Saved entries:
----------------
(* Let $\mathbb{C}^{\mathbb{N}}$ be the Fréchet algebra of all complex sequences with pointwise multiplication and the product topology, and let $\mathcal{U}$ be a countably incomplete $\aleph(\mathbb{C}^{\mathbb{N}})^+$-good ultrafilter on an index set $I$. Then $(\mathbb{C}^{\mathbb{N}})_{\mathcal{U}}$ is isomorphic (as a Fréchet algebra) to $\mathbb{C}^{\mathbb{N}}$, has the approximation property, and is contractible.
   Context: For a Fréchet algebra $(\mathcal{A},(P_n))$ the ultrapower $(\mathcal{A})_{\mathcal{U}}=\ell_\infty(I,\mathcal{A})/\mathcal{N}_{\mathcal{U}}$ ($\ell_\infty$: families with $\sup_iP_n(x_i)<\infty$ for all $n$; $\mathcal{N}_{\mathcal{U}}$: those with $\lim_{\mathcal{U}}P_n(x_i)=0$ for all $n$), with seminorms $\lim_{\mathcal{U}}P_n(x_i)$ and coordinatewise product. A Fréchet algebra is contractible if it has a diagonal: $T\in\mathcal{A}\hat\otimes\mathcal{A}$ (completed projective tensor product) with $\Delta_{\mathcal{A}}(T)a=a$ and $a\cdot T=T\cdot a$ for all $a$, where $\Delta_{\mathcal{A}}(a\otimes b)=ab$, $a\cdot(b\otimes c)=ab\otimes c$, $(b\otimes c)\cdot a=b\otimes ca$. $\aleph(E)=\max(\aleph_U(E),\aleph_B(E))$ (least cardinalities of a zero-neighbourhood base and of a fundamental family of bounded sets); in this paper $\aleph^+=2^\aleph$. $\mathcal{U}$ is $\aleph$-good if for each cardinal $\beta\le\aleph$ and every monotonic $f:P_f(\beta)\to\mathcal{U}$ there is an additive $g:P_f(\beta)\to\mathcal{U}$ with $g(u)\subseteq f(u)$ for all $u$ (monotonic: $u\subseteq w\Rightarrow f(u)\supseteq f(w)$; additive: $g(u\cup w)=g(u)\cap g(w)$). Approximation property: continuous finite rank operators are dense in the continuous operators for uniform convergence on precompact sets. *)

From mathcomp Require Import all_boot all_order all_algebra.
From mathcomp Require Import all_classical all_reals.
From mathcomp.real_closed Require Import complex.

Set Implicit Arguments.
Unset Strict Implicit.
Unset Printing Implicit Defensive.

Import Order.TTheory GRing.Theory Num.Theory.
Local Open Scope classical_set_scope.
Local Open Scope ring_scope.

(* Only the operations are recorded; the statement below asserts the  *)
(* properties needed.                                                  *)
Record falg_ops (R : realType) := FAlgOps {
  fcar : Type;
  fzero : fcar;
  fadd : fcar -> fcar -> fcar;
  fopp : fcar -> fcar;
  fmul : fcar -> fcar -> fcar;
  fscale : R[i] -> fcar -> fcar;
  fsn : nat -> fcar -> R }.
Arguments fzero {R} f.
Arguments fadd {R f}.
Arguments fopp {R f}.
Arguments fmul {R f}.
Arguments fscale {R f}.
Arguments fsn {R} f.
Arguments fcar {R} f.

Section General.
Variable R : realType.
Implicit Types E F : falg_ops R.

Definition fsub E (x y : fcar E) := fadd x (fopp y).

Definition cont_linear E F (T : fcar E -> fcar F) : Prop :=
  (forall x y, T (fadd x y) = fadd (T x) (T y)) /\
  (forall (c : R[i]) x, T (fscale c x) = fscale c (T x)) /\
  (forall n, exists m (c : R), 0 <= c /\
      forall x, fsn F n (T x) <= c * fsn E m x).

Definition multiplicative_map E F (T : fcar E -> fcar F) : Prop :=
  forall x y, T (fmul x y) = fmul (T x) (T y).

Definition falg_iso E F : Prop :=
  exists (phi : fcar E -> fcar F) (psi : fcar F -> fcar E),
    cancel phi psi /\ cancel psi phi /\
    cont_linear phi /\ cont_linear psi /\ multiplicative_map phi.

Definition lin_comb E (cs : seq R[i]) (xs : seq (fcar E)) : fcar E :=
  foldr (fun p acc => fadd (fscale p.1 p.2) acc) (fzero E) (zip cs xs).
----------------
Pull every line with "Arguments" from the records.

Set Implicit Arguments.
Arguments fzero {R} f.
Arguments fadd {R f}.
Arguments fopp {R f}.
Arguments fmul {R f}.
Arguments fscale {R f}.
Arguments fsn {R} f.
Arguments fcar {R} f.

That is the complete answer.